#### What the task requires:
Which lines run from the one containing "Lemma partitive_adj X" to the end of the entries below? Reproduce them exactly, both ends included.

Saved entries
—————

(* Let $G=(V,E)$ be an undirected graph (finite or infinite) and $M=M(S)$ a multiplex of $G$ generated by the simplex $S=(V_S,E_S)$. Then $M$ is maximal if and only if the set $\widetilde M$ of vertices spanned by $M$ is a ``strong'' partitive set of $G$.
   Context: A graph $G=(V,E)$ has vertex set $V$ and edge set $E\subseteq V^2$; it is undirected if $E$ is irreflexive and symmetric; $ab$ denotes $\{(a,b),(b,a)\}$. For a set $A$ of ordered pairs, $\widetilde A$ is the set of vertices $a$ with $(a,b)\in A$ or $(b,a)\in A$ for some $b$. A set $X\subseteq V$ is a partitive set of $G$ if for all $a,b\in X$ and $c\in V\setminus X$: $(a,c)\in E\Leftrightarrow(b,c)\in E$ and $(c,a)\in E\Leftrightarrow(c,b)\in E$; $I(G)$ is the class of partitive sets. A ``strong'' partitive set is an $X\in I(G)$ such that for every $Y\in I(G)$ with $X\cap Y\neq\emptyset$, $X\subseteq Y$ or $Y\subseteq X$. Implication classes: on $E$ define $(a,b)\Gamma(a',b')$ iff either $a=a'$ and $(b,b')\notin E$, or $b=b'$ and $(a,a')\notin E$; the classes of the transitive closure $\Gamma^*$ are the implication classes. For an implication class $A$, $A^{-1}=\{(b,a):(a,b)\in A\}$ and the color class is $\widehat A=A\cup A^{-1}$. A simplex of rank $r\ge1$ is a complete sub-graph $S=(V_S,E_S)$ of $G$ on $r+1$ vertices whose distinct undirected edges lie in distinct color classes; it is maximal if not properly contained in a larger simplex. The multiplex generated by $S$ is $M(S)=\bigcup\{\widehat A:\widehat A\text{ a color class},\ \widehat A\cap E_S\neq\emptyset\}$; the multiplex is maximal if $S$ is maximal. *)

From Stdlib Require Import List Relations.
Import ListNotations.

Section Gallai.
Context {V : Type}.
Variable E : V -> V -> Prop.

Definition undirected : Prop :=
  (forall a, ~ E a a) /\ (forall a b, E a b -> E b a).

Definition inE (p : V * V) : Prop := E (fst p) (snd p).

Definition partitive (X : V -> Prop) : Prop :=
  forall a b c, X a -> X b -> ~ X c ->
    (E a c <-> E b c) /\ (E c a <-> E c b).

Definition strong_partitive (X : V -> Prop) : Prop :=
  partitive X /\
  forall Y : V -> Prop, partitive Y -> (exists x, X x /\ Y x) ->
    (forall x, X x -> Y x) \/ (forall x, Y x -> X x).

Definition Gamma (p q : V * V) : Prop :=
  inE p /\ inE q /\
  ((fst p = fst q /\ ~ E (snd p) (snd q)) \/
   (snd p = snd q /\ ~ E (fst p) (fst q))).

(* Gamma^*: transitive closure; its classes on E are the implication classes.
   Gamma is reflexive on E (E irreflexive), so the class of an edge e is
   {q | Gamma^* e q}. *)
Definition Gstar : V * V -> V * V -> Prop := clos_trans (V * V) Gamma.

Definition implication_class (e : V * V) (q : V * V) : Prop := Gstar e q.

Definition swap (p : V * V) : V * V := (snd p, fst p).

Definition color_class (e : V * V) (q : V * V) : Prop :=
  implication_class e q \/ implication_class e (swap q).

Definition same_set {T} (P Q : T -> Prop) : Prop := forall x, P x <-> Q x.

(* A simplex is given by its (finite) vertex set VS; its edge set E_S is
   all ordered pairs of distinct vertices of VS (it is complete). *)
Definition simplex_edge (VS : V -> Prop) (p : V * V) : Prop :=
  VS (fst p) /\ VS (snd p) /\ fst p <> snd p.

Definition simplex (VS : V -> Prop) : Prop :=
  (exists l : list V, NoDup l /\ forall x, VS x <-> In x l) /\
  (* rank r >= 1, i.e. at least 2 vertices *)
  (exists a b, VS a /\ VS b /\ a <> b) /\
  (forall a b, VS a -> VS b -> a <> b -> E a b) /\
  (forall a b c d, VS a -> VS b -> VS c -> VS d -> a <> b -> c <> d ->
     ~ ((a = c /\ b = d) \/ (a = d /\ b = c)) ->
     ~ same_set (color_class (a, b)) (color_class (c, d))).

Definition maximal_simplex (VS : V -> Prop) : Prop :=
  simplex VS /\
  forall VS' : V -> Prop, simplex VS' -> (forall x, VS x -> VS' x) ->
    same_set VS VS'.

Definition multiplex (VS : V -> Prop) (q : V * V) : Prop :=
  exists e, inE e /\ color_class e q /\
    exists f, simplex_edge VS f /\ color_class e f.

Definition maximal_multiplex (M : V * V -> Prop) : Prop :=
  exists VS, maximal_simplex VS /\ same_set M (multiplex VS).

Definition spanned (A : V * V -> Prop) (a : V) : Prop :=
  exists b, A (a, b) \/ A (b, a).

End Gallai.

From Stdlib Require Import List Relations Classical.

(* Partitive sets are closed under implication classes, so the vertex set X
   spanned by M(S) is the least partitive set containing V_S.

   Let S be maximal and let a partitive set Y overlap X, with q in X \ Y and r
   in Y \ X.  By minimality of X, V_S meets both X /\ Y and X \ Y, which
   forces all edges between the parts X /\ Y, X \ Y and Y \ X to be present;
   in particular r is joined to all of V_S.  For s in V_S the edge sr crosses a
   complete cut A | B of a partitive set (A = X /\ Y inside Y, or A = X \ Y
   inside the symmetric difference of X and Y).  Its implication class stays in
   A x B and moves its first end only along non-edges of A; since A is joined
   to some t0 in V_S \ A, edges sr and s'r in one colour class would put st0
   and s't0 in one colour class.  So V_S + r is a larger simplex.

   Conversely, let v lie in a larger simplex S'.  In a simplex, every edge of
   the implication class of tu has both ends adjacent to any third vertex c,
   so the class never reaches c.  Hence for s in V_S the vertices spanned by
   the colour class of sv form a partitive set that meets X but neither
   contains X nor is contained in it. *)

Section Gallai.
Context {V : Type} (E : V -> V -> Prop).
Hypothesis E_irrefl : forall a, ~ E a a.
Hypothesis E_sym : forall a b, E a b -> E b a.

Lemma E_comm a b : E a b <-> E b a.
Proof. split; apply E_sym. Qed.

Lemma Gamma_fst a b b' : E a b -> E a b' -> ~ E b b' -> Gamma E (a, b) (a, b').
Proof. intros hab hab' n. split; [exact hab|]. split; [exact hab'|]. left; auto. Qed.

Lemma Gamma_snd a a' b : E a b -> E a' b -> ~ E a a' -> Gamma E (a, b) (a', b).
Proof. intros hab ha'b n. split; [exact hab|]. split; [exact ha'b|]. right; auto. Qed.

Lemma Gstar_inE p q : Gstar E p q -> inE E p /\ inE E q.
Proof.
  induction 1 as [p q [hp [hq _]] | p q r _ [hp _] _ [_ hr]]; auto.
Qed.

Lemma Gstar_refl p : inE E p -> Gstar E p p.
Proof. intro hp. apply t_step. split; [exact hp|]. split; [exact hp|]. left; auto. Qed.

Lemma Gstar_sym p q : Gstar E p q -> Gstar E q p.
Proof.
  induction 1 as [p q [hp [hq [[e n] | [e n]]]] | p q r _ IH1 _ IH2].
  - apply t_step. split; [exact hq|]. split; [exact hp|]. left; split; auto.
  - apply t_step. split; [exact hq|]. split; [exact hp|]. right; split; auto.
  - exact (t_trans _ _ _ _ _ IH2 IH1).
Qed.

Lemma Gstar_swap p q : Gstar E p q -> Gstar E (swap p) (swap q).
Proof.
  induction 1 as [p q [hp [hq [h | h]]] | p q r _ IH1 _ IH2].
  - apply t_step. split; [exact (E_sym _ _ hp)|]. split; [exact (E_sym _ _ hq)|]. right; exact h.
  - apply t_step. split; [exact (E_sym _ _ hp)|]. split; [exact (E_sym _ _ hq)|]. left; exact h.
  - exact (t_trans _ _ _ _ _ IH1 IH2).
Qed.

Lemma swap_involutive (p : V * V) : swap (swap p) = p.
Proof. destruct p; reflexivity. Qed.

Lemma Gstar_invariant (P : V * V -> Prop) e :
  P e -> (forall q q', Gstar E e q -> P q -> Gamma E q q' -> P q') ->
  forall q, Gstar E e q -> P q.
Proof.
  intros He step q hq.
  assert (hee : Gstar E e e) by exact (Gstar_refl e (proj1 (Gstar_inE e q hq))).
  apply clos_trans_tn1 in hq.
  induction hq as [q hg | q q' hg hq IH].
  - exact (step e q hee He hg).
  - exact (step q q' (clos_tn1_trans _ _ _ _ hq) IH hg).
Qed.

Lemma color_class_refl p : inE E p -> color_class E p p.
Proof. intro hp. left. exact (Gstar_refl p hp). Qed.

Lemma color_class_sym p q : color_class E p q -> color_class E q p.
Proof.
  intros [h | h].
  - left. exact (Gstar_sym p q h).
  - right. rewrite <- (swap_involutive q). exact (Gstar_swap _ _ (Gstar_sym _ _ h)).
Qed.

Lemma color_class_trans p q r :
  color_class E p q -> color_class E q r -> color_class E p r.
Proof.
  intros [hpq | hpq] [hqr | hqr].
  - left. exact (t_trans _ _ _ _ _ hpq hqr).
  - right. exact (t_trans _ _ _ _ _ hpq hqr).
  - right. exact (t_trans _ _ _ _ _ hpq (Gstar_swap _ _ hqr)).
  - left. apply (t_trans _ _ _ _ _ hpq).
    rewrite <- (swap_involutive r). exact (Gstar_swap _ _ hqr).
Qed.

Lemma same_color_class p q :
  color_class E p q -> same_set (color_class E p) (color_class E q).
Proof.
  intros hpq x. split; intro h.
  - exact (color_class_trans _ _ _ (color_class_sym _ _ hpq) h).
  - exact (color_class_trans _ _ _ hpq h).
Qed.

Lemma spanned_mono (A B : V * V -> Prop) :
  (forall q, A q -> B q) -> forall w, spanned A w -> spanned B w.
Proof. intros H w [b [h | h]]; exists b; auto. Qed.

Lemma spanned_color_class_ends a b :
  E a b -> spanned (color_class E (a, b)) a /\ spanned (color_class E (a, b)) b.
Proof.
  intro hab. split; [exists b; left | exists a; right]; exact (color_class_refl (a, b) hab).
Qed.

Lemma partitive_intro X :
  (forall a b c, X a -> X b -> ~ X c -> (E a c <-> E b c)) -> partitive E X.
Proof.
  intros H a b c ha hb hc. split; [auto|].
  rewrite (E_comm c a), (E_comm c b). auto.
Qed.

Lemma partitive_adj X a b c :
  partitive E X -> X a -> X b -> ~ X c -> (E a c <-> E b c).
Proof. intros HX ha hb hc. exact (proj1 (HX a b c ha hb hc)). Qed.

—————

#### Output for this exercise:
Lemma partitive_adj X a b c :
  partitive E X -> X a -> X b -> ~ X c -> (E a c <-> E b c).
Proof. intros HX ha hb hc. exact (proj1 (HX a b c ha hb hc)). Qed.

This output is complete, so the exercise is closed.